Saturation: How "full" your service is. If memory is your constraint, monitor memory. For I/O-bound services, track disk or network saturation. Saturation predicts problems before users feel them.

USE for Infrastructure

For servers, databases, and networks, Brendan Gregg's USE method provides systematic coverage:

  • Utilization: Percentage of time a resource is busy
  • Saturation: Work queued because the resource can't keep up
  • Errors: Failures at the resource level (disk read errors, dropped packets)

Apply this to every resource: CPU, memory, disk, network. The discipline prevents blind spots.

RED for Services

For microservices architectures, Tom Wilkie's RED method focuses on requests:

  • Rate: Requests per second
  • Errors: Failed requests as a percentage of total
  • Duration: How long requests take, using percentiles (p50, p95, p99) rather than averages

Percentiles matter because averages hide pain. If your p99 latency is 10 seconds, one in a hundred users waits 10 seconds—and that's a lot of frustrated people at scale.

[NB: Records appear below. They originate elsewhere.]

Lemma minimal_cyclic_lideal K (y : L) : maximal_left_ideal K ->
  (forall l, K l -> l * y = 0) -> y <> 0 -> minimal_left_ideal (cycsm (y : L^o)).
Proof.
move=> Kmax Ky y0; split.
- exact/submod_lideal/submod_cycsm.
- by exists y; split => //; apply: cycsm_id.
move=> J /lideal_submod sJ Jy; exact: (cycsm_simple (M := L^o) Kmax Ky sJ Jy).
Qed.

Definition jrad_soc (x : L) := exists j s, [/\ jrad j, soc s & x = j + s].

Lemma submod_jrad_soc : submod (M := L^o) jrad_soc.
Proof.
have [j0 jD jM] := @lideal_jrad L.
split; first by exists 0, 0; rewrite addr0; split => //; exact: soc0.
move=> b _ _ [j [s [Hj Hs ->]]] [j' [s' [Hj' Hs' ->]]].
exists (b * j + j'), (b * s + s').
split; [exact: jD (jM b j Hj) Hj' | exact: socD (socM b Hs) Hs' |].
by change (b * (j + s) + (j' + s') = b * j + j' + (b * s + s')); rewrite mulrDr addrACA.
Qed.

Lemma jrad_soc_jrad x : jrad x -> jrad_soc x.
Proof. by exists x, 0; rewrite addr0; split => //; exact: soc0. Qed.

Lemma jrad_soc_soc x : soc x -> jrad_soc x.
Proof. by exists 0, x; rewrite add0r; split => //; exact: lideal0 (@lideal_jrad L). Qed.

(* A complement [Q] of [N + L t] over [N] covering [L] is a maximal left ideal:
   any strictly larger left ideal meets [L t] outside [N], hence contains [t]. *)
Lemma complement_maximal (N Q : L^o -> Prop) (t : L^o) :
  submod N -> submod Q -> simple_over N t -> ~ N t ->
  (forall x, N x -> Q x) ->
  (forall x, addsm N (cycsm t) x -> Q x -> N x) ->
  (forall x, addsm (addsm N (cycsm t)) Q x) ->
  maximal_left_ideal Q /\ ~ Q t.
Proof.
move=> sN sQ simple_t nNt NQ PQN cover; have lQ := submod_lideal sQ.
have nQt : ~ Q t by move=> Qt; apply/nNt/PQN/Qt/addsmr/cycsm_id.
split => //; split => // [Q1|J lJ QJ].
  by apply: nQt; rewrite -[t]mulr1; apply: lidealM.
have cover_J x : J t -> J x.
  move=> Jt; have [_ [q [[u [_ [Nu [l ->] ->]]] Qq ->]]] := cover x.
  apply: (lidealD lJ _ (QJ _ Qq)).
  exact: (lidealD lJ (QJ _ (NQ _ Nu)) (lidealM _ lJ Jt)).
have [Jt|nJt] := classic (J t); [right; exact: cover_J | left => x].
have sJ := lideal_submod lJ.
have [_ [q [[u [v [Nu [l El] ->]]] Qq ->]]] := cover x => Jx.
have Jv : J v.
  have -> : v = u + v + q - q - u by rewrite addrK addrC addKr.
  exact: (submodB sJ (submodB sJ Jx (QJ _ Qq)) (QJ _ (NQ _ Nu))).
rewrite El in Jv *.
have [Nv|//] := simple_overP sJ (fun y Ny => QJ _ (NQ _ Ny)) simple_t Jv.
exact: (submodD sQ (submodD sQ (NQ _ Nu) (NQ _ Nv)) Qq).
Qed.

End Socle.

Section LocalFamily.
Variables (L : nzRingType) (n : nat) (a : nat -> L) (K : nat -> L -> Prop).
Hypothesis fam : local_family n a K.

Lemma local_family_mem (M : lmodType L) (N : M -> Prop) x : submod N ->
  N ((1 - \sum_(i < n) a i) *: x) -> (forall i, (i < n)%N -> N (a i *: x)) -> N x.
Proof.
move=> sN N1 Na; rewrite -[x]scale1r -[1](subrK (\sum_(i < n) a i)) scalerDl.
by rewrite scaler_suml; apply: (submodD sN N1); apply: submod_sum => // i _; apply: Na.
Qed.

Lemma local_family_escape (M : lmodType L) (N : M -> Prop) x : submod N ->
  N ((1 - \sum_(i < n) a i) *: x) -> ~ N x -> exists2 i, (i < n)%N & ~ N (a i *: x).
Proof.
move=> sN N1 nNx; apply: NNPP => nex; apply/nNx/(local_family_mem sN N1) => i lt_i.
by apply: NNPP => nNi; apply: nex; exists i.
Qed.

Lemma simple_over_family (M : lmodType L) (N : M -> Prop) g i : (i < n)%N ->
  (forall j y, jrad j -> N (j *: y)) -> simple_over N (a i *: g).
Proof.
move=> lt_i NJ; have [Kmax Kjrad _] := fam.
exists (K i); split => [|l Kl]; first exact: Kmax.
by rewrite scalerA; exact: (NJ _ _ (Kjrad i l lt_i Kl)).
Qed.

(* Over a submodule containing [rad L M], the elements [a k g], for [g] among
   generators of [M], are simple generators of [M]. *)
Lemma complement_family (M : lmodType L) (gs : seq M) (N P : M -> Prop) :
  (forall x, exists c : seq L, x = \sum_(i < size gs) c`_i *: gs`_i) ->
  submod N -> submod P -> (forall x, N x -> P x) ->
  (forall j y, jrad j -> N (j *: y)) ->
  exists Q, [/\ submod Q, (forall x, N x -> Q x),
    (forall x, P x -> Q x -> N x) & forall x, addsm P Q x].
Proof.
move=> gen sN sP NP NJ; have [_ _ jrad1] := fam.
pose ts := flatten [seq [seq a k *: g | k <- iota 0 n] | g <- gs].
have sNts := submod_addsm sN (submod_spansm ts).
apply: (complement_over (ts := ts)) => // [t|x].
  move=> /flatten_mapP [g _ /mapP [k]]; rewrite mem_iota add0n => /andP [_ lt_k] ->.
  exact: simple_over_family.
have [c ->] := gen x; apply: submod_sum => // j _; apply: (submodZ _ sNts).
apply: (local_family_mem sNts); first exact: (addsml (submod_spansm ts) (NJ _ _ jrad1)).
move=> k lt_k; apply/addsmr/spansm_mem/flatten_mapP => //.
exists gs`_j; first exact: mem_nth.
by apply/mapP; exists k; rewrite // mem_iota add0n.
Qed.

Lemma jrad_ann_soc (x : L) : (forall j, jrad j -> j * x = 0) -> soc x.
Proof.
move=> Jx; have [Kmax Kjrad jrad1] := fam.
apply: (local_family_mem (M := L^o) (@submod_soc L)) => [|i lt_i].
  by rewrite /GRing.scale /= Jx //; exact: soc0.
change (soc (a i * x)); have [->|/eqP nz] := eqVneq (a i * x) 0; first exact: soc0.
have Ky l : K i l -> l * (a i * x) = 0 by move=> Kl; rewrite mulrA Jx //; apply: Kjrad.
exact: (soc_minimal (minimal_cyclic_lideal (Kmax i lt_i) Ky nz) (cycsm_id _)).
Qed.

Lemma radA_jrad_soc (x : L) : radA x -> jrad_soc x.
Proof.
move=> Hx; apply: NNPP => nx; have [_ _ jrad1] := fam.
have NJ j (y : L^o) : jrad j -> jrad_soc (j *: y).
  by move=> Hj; exact: (jrad_soc_jrad (jradMr y Hj)).
have [i lt_i nt] := local_family_escape (submod_jrad_soc L) (NJ _ x jrad1) nx.
have gen (y : L^o) :
    exists c : seq L, y = \sum_(k < size [:: 1 : L^o]) c`_k *: [:: 1 : L^o]`_k.
  by exists [:: y]; rewrite big_ord1 /= [RHS]mulr1.
have sP := submod_addsm (submod_jrad_soc L) (submod_cycsm (a i *: (x : L^o))).
have [Q [sQ NQ PQN cover]] :=
  complement_family gen (submod_jrad_soc L) sP (fun z Nz => addsml (submod_cycsm _) Nz) NJ.
have simple_t := simple_over_family (x : L^o) lt_i NJ.
have [Qmax nQt] := complement_maximal (submod_jrad_soc L) sQ simple_t nt NQ PQN cover.
have [lQ _ _] := Qmax; apply/nQt/(lidealM (a i) lQ).
by apply: Hx => // s /jrad_soc_soc /NQ.
Qed.

(* [rad^3 L = 0] makes [rad L * rad L] left-annihilated by [rad L], hence
   part of the socle; the socle itself kills every [A]-module. *)
Lemma radA_sq_ann (M : lmodType L) j k (y : M) : rad3_zero L ->
  (forall s (z : M), soc s -> s *: z = 0) -> radA j -> radA k -> j *: (k *: y) = 0.
Proof.
move=> rad3 socM /radA_jrad_soc [j1 [s1 [Hj1 Hs1 ->]]].
move=> /radA_jrad_soc [k1 [s2 [Hk1 Hs2 ->]]].
have soc_jk : soc (j1 * k1) by apply: jrad_ann_soc => l Hl; rewrite mulrA rad3.
rewrite [(k1 + s2) *: y]scalerDl (socM s2) // addr0 scalerDl (socM s1) // addr0.
by rewrite scalerA socM.
Qed.

(* If [d] is killed by [rad A] but [a i d] is not radical, then [L (a i d)] is
   simple and meets [r_A M] trivially; a complement of [r_A M + L (a i d)]
   over [r_A M] splits it off as a direct summand. *)
Lemma radA_ann_rA (M : lmodType L) (d : M) : modA M -> ~ has_simple_summand M ->
  (forall j, radA j -> j *: d = 0) -> rA d.
Proof.
move=> [[gs gen] _] no_simple Hd; apply: NNPP => nd; have [Kmax Kjrad jrad1] := fam.
have NJ j (y : M) : jrad j -> rA (j *: y) by move=> /jrad_radA; apply: rA_scale.
have [i lt_i ny] := local_family_escape (submod_rA M) (NJ _ d jrad1) nd.
pose y := a i *: d.
have Ky l : K i l -> l *: y = 0.
  by move=> Kl; rewrite scalerA Hd //; exact: (jrad_radA (Kjrad i l lt_i Kl)).
have simple_y := cycsm_simple (Kmax i lt_i) Ky.
have y_rA x : cycsm y x -> rA x -> x = 0.
  have sW := submodI (submod_cycsm y) (submod_rA M).
  have [W0|Wy] := simple_y _ sW (fun x Wx => Wx.1); first by move=> Lx Rx; apply: W0.
  by case: ny; apply: (Wy y (cycsm_id y)).2.
have sP := submod_addsm (submod_rA M) (submod_cycsm y).
have [Q [sQ NQ PQN cover]] :=
  complement_family gen (submod_rA M) sP (fun z Nz => addsml (submod_cycsm _) Nz) NJ.
apply: no_simple; exists (cycsm y), Q; split=> //; first exact: submod_cycsm.
  split=> [x|x Lx Qx]; last exact: (y_rA x Lx (PQN _ (addsmr (submod_rA M) Lx) Qx)).
  have [_ [q [[r [u [Rr Lu ->]]] Qq ->]]] := cover x.
  exists u, (r + q); split => //; first exact: (submodD sQ (NQ _ Rr) Qq).
  by rewrite addrAC addrC addrA.
split; [exact: submod_cycsm | | exact: simple_y].
exists y; split; first exact: cycsm_id.
by move=> y0; apply: ny; rewrite -/y y0; exact: submod0 (submod_rA M).
Qed.

End LocalFamily.

Section SimpleModule.
Variables (L : nzRingType) (S : lmodType L).
Hypothesis simple_S : simple_mod S.

Lemma simple_ann_maximal (s : S) : s <> 0 ->
  maximal_left_ideal (fun l : L => l *: s = 0).
Proof.
move=> s0; have [_ _ S_min] := simple_S.
split; [split=> [|x y Hx Hy|b x Hx] | by rewrite scale1r | move=> J lJ annJ].
- exact: scale0r.
- by rewrite scalerDl Hx Hy addr0.
- by rewrite -scalerA Hx scaler0.
pose W x := exists2 l, J l & x = l *: s.
have sW : submod W.
  split; first by exists 0; [exact: lideal0 lJ | rewrite scale0r].
  move=> b _ _ [l Jl ->] [l' Jl' ->]; exists (b * l + l'); last by rewrite scalerDl scalerA.
  exact: (lidealD lJ (lidealM b lJ Jl) Jl').
have [W0|WS] := S_min W sW (fun _ _ => I); first by left => l Jl; apply: W0; exists l.
right; have [l Jl El] := WS s I.
have J1l : J (1 - l) by apply: annJ; rewrite scalerBl scale1r -El subrr.
by rewrite -(subrK l 1); exact: (lidealD lJ J1l Jl).
Qed.

Lemma radA_ann_simple j (s : S) : modA S -> radA j -> j *: s = 0.
Proof.
move=> [_ socS] Hj; have [->|s0] := classic (s = 0); first by rewrite scaler0.
by apply: (Hj _ (simple_ann_maximal s0)) => x Hx; apply: socS.
Qed.

Lemma rA_simple (s : S) : modA S -> rA s -> s = 0.
Proof.
move=> mS [r [-> Hr]]; apply: big1_seq => p /andP [_ Hp].
exact: radA_ann_simple mS (Hr p Hp).
Qed.

End SimpleModule.

Section ShortExactSequence.
Variables (L : nzRingType) (C B S : lmodType L) (alpha : C -> B) (beta : B -> S).
Hypothesis exact_seq : ses alpha beta.
Definition horn_map : smap (Delta M.+2) X := fun m (s : mono m M.+2) =>
  match excluded_middle_informative (exists i, [/\ i <= M.+2, i <> k & misses s i]) with
  | left H => let i := proj1_sig (constructive_indefinite_description _ H) in
              sact (unbump_mono i s) (G i)
  | right _ => sact (unbump_mono 0 s) (G 0)
  end.

Lemma horn_mapE m (s : mono m M.+2) i : i <= M.+2 -> i <> k -> misses s i ->
  horn_map s = sact (unbump_mono i s) (G i).
Proof.
move=> iM ik si; rewrite /horn_map; case: excluded_middle_informative => [H|[]].
  by case: (constructive_indefinite_description _ H) => j [jM jk sj] /=; apply: horn_compat.
by exists i.
Qed.

Lemma horn_face_thin i m (s : mono m M.+1) : i <= M.+2 -> i <> k ->
  thin_Dk M.+2 k m (mcomp (coface M.+1 i) s) -> tX m (sact s (G i)).
Proof.
move=> iM ik [/degenerate_repeats[p pm]|cov].
  rewrite !mval_comp !mval_coface ?mval_le // => e; apply: repeats_thin; exists p => //.
  by move: e; rewrite /bump; case: leqP; case: leqP; lia.
have hit v : v <= M.+2 -> k.-1 <= v <= k.+1 -> exists2 p, p <= m & bump i (mval s p) = v.
  move=> vM vk; have /in_imageP[p pm] := cov v vM vk.
  by rewrite mval_comp mval_coface ?mval_le // => e; exists p.
have ik' : (i < k.-1) || (k.+1 < i).
  case: (ltnP i k.-1) => //= ki; rewrite ltnNge; apply/negP => ik1.
  have [p _] := hit i iM ltac:(lia); rewrite /bump; case: leqP; lia.
apply: G_strat => //; right=> v vM vk; apply/in_imageP.
have [p pm e] := hit (bump i v) ltac:(rewrite /bump; case: leqP; lia)
                                ltac:(move: vk; rewrite /bump; case: leqP; case: ltnP; lia).
by exists p => //; rewrite -(bumpK i (mval s p)) e bumpK.
Qed.

Lemma horn_fill : exists t : sobj X M.+2,
  Dk_stratified k t /\ forall i, i <= M.+2 -> i <> k -> nface i t = G i.
Proof.
have [||h [h_nat [h_thin h_ext]]] := Hwc.1 M.+2 k (ltn0Sn _) k_le horn_map.
- move=> m l f a [i [iM [ik /misses_in_image ai]]].
  have afi : misses (mcomp a f) i by move=> p pm; rewrite mval_comp; apply: ai; rewrite mval_le.
  by rewrite /= (horn_mapE iM ik afi) (horn_mapE iM ik ai) -sact_comp unbump_mono_comp.
- move=> m a [i [iM [ik /misses_in_image ai]]] a_thin.
  by rewrite (horn_mapE iM ik ai); apply: horn_face_thin; rewrite // -coface_unbump_mono.
- have hE m g : h m g = sact g (h _ (mid M.+2)) by rewrite -h_nat /= mcomp_idl.
  exists (h _ (mid M.+2)); split=> [m g gk|i iM ik]; first by rewrite -hE; apply: h_thin.
  rewrite /nface -hE h_ext; last by exists i; do !split => //; apply/misses_in_image/coface_misses.
  by rewrite (horn_mapE iM ik (coface_misses iM)) unbump_mono_coface // sact_id.
Qed.
Definition tsub (p q : tri) := Tri (a0 p - a0 q) (a1 p - a1 q) (a2 p - a2 q).
Definition tadd (p q : tri) := Tri (a0 p + a0 q) (a1 p + a1 q) (a2 p + a2 q).
Definition tscale (l : R) (p : tri) := Tri (l * a0 p) (l * a1 p) (l * a2 p).
Definition tdot (p q : tri) := a0 p * a0 q + a1 p * a1 q + a2 p * a2 q.

Lemma tri_coordsE p q : p = q -> [/\ a0 p = a0 q, a1 p = a1 q & a2 p = a2 q].
Proof. by move=> ->. Qed.

Lemma tdot_tsub_gt0 p q : p <> q -> 0 < tdot (tsub q p) (tsub q p).
Proof.
case: p => p0 p1 p2; case: q => q0 q1 q2 neq_pq; rewrite /tdot /=.
have sq_gt0 (z : R) : z != 0 -> 0 < z * z.
  by move=> z0; rewrite lt_def mulf_neq0 //= -expr2 sqr_ge0.
have := sqr_ge0 (q0 - p0); have := sqr_ge0 (q1 - p1); have := sqr_ge0 (q2 - p2).
rewrite !expr2.
case: (eqVneq (q0 - p0) 0) => h0; last by have := sq_gt0 _ h0; lra.
case: (eqVneq (q1 - p1) 0) => h1; last by have := sq_gt0 _ h1; lra.
case: (eqVneq (q2 - p2) 0) => h2; last by have := sq_gt0 _ h2; lra.
by move=> *; case: neq_pq; congr Tri; lra.
Qed.

(* The trilinear coordinates of the points of [edge_interior k]. *)
Definition on_edge (k : nat) (p : tri) : Prop := exists s : R, 0 < s < 1 /\
  match k with
  | 0 => a0 p = 1 /\ a1 p = -1 + s /\ a2 p = - s
  | 1 => a0 p = 1 - s /\ a1 p = s /\ a2 p = -1
  | 2 => a0 p = - s /\ a1 p = 1 /\ a2 p = -1 + s
  | 3 => a0 p = -1 /\ a1 p = 1 - s /\ a2 p = s
  | 4 => a0 p = -1 + s /\ a1 p = - s /\ a2 p = 1
  | 5 => a0 p = s /\ a1 p = -1 /\ a2 p = 1 - s
  | _ => False
  end.

(* [reflect_dir (edge_dir k)] in trilinear coordinates. *)
Definition edge_reflect (k : nat) (c : tri) : tri :=
  match k with
  | 0 | 3 => Tri (- a0 c) (- a2 c) (- a1 c)
  | 1 | 4 => Tri (- a1 c) (- a0 c) (- a2 c)
  | _ => Tri (- a2 c) (- a1 c) (- a0 c)
  end.

Definition hexdist (p q : tri) : R :=
  `|pospart (a0 p) - pospart (a0 q)| + `|pospart (a1 p) - pospart (a1 q)|
  + `|pospart (a2 p) - pospart (a2 q)|.

Lemma hexdist_sym p q : hexdist p q = hexdist q p.
Proof.
by rewrite /hexdist (distrC (pospart (a0 p))) (distrC (pospart (a1 p)))
  (distrC (pospart (a2 p))).
Qed.

Lemma hexdist_triangle p q r : hexdist p r <= hexdist p q + hexdist q r.
Proof.
have := ler_distD (pospart (a0 q)) (pospart (a0 p)) (pospart (a0 r)).
have := ler_distD (pospart (a1 q)) (pospart (a1 p)) (pospart (a1 r)).
have := ler_distD (pospart (a2 q)) (pospart (a2 p)) (pospart (a2 r)).
rewrite /hexdist; lra.
Qed.

Lemma hexdist_xx p : hexdist p p = 0.
Proof. by rewrite /hexdist !subrr normr0 !addr0. Qed.

Lemma on_edge_lt6 k p : on_edge k p -> (k < 6)%N.
Proof. by case: k => [|[|[|[|[|[|k]]]]]] //= [s [_ []]]. Qed.

Ltac case_edge h := let s := fresh "s" in let hs := fresh "hs" in
  let e0 := fresh "e0" in let e1 := fresh "e1" in let e2 := fresh "e2" in
  case: h => s [hs [e0 [e1 e2]]].

Lemma on_edge_bounds k p : on_edge k p ->
  [/\ -1 <= a0 p <= 1, -1 <= a1 p <= 1, -1 <= a2 p <= 1 & a0 p + a1 p + a2 p = 0].
Proof.
case: k => [|[|[|[|[|[|k]]]]]] h; try by case: h => s [_ []].
all: by case_edge h; rewrite e0 e1 e2; split; lra.
Qed.

(* The goals below bound sums of norms from below, so [lra] only needs
   [u <= `|u|] and [- u <= `|u|]. *)
Ltac norm_lb_tac := repeat match goal with |- context [@Num.norm _ _ ?u] =>
  let h1 := fresh "h" in let h2 := fresh "h" in let v := fresh "v" in
  have /ler_normlP [h1 h2] := lexx `|u|;
  move: h1 h2; move: (`|u|) => v h1 h2 end.

Definition far_edges (a b : nat) : bool :=
  (a, b) \in [:: (0,2); (2,0); (0,4); (4,0); (2,4); (4,2); (0,3); (3,0);
                (2,5); (5,2); (4,1); (1,4)]%N.

Lemma hexdist_far_edges a b p q :
  far_edges a b -> on_edge a p -> on_edge b q -> 2 <= hexdist p q.
Proof.
rewrite /far_edges; case: a => [|[|[|[|[|[|a]]]]]]; case: b => [|[|[|[|[|[|b]]]]]] //= _ hp hq;
by case_edge hp; case_edge hq; rewrite /hexdist e0 e1 e2 e3 e4 e5;
  pospart_tac; norm_lb_tac; lra.
Qed.

Definition odd_edge (a : nat) : bool := a \in [:: 1; 3; 5]%N.

Lemma hexdist_odd_edges a b c p q r :
  odd_edge a -> odd_edge b -> odd_edge c -> a != b -> b != c -> a != c ->
  on_edge a p -> on_edge b q -> on_edge c r -> 2 <= hexdist p q + hexdist q r.
Proof.
rewrite /odd_edge; case: a => [|[|[|[|[|[|a]]]]]] //; case: b => [|[|[|[|[|[|b]]]]]] //;
case: c => [|[|[|[|[|[|c]]]]]] // _ _ _ _ _ _ hp hq hr;
by case_edge hp; case_edge hq; case_edge hr;
  rewrite /hexdist e0 e1 e2 e3 e4 e5 e6 e7 e8; pospart_tac; norm_lb_tac; lra.
Qed.

Lemma no_return_bounce a b p q r l :
  odd_edge a -> odd_edge b -> a != b -> 0 < l ->
  on_edge a p -> on_edge b q -> on_edge a r ->
  tsub r q = tscale l (edge_reflect b (tsub q p)) -> False.
Proof.
rewrite /odd_edge; case: a => [|[|[|[|[|[|a]]]]]] //; case: b => [|[|[|[|[|[|b]]]]]] //
  _ _ _ l_gt0 hp hq hr /tri_coordsE [] /=;
by case_edge hp; case_edge hq; case_edge hr; rewrite e0 e1 e2 e3 e4 e5 e6 e7 e8; nra.
Qed.

Section PeriodicSequence.
Variable x : nat -> tri.

Lemma hexdist_le_path i m :
  hexdist (x i) (x (i + m)) <= \sum_(i <= j < i + m) hexdist (x j) (x j.+1).
Proof.
elim: m => [|m IH]; first by rewrite addn0 hexdist_xx big_geq.
rewrite addnS big_nat_recr ?leq_addr //=.
apply: le_trans (hexdist_triangle (x i) (x (i + m)) (x (i + m).+1)) _.
by rewrite lerD2r.
Qed.

Variable N : nat.
Hypothesis x_periodic : forall j, x (j + N) = x j.

Lemma periodic_mod j : x j = x (j %% N)%N.
Proof.
rewrite {1}(divn_eq j N); elim: (j %/ N)%N => [|q IH]; first by rewrite mul0n add0n.
by rewrite mulSn -addnA addnC x_periodic.
Qed.

Definition loop_length := \sum_(j < N) hexdist (x j) (x j.+1).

Business Metrics Reveal What Technical Metrics Miss

Technical metrics measure system behavior. Business metrics measure whether the system achieves its purpose.

An e-commerce site might monitor orders per hour, revenue per minute, cart abandonment rate, conversion funnel progression. These often catch problems that technical monitoring misses entirely.

Consider: a bug prevents checkout for Safari users. Servers respond successfully. Databases perform normally. Technical dashboards stay green. But conversion rates drop, and business metrics catch it immediately.

Business metrics also help prioritize. When multiple systems fail simultaneously, business impact determines which to fix first.

What Not to Monitor

Choosing what to exclude matters as much as what to include.

Vanity metrics look impressive but don't drive decisions. "Total registered users" rarely helps with operational issues.

Duplicative metrics measure the same thing multiple ways. Five metrics all reflecting CPU usage is really one metric pretending to be five.

Non-actionable metrics track things you can't or won't change. Monitoring them wastes storage and attention.

Noise-prone metrics fluctuate so much they generate constant false alerts. Metrics that cry wolf train teams to ignore them—undermining their value even when they're right.

Balancing Coverage and Noise

The tension between comprehensive coverage and alert fatigue drives every monitoring decision.

Layer your monitoring. High-level dashboards show overall health at a glance. Detailed metrics exist for investigation but don't demand constant attention.

Alert only on actionable problems. If crossing a threshold doesn't require human intervention, it shouldn't generate an alert. Informational metrics belong on dashboards, not in pagers.

Use composite metrics. Rather than alerting on five metrics that indicate similar problems, create a health score that triggers when they collectively suggest issues.

Adjust based on experience. Metrics that never help diagnose problems can be removed. Thresholds that trigger too often need adjustment. Monitoring evolves as you learn what matters.

Building Monitoring Over Time

Most teams build monitoring incrementally:

  1. Basic availability: Is the site up? Do APIs respond?
  2. Performance: How fast? Where does time go?
  3. Infrastructure: Server resources, database performance, cache hit rates
  4. Business metrics: Connecting technical behavior to business outcomes
  5. Predictive: Anticipating issues from trends rather than reacting to failures

Each phase builds on the last. Rushing to comprehensive monitoring before establishing basics creates confusion, not insight.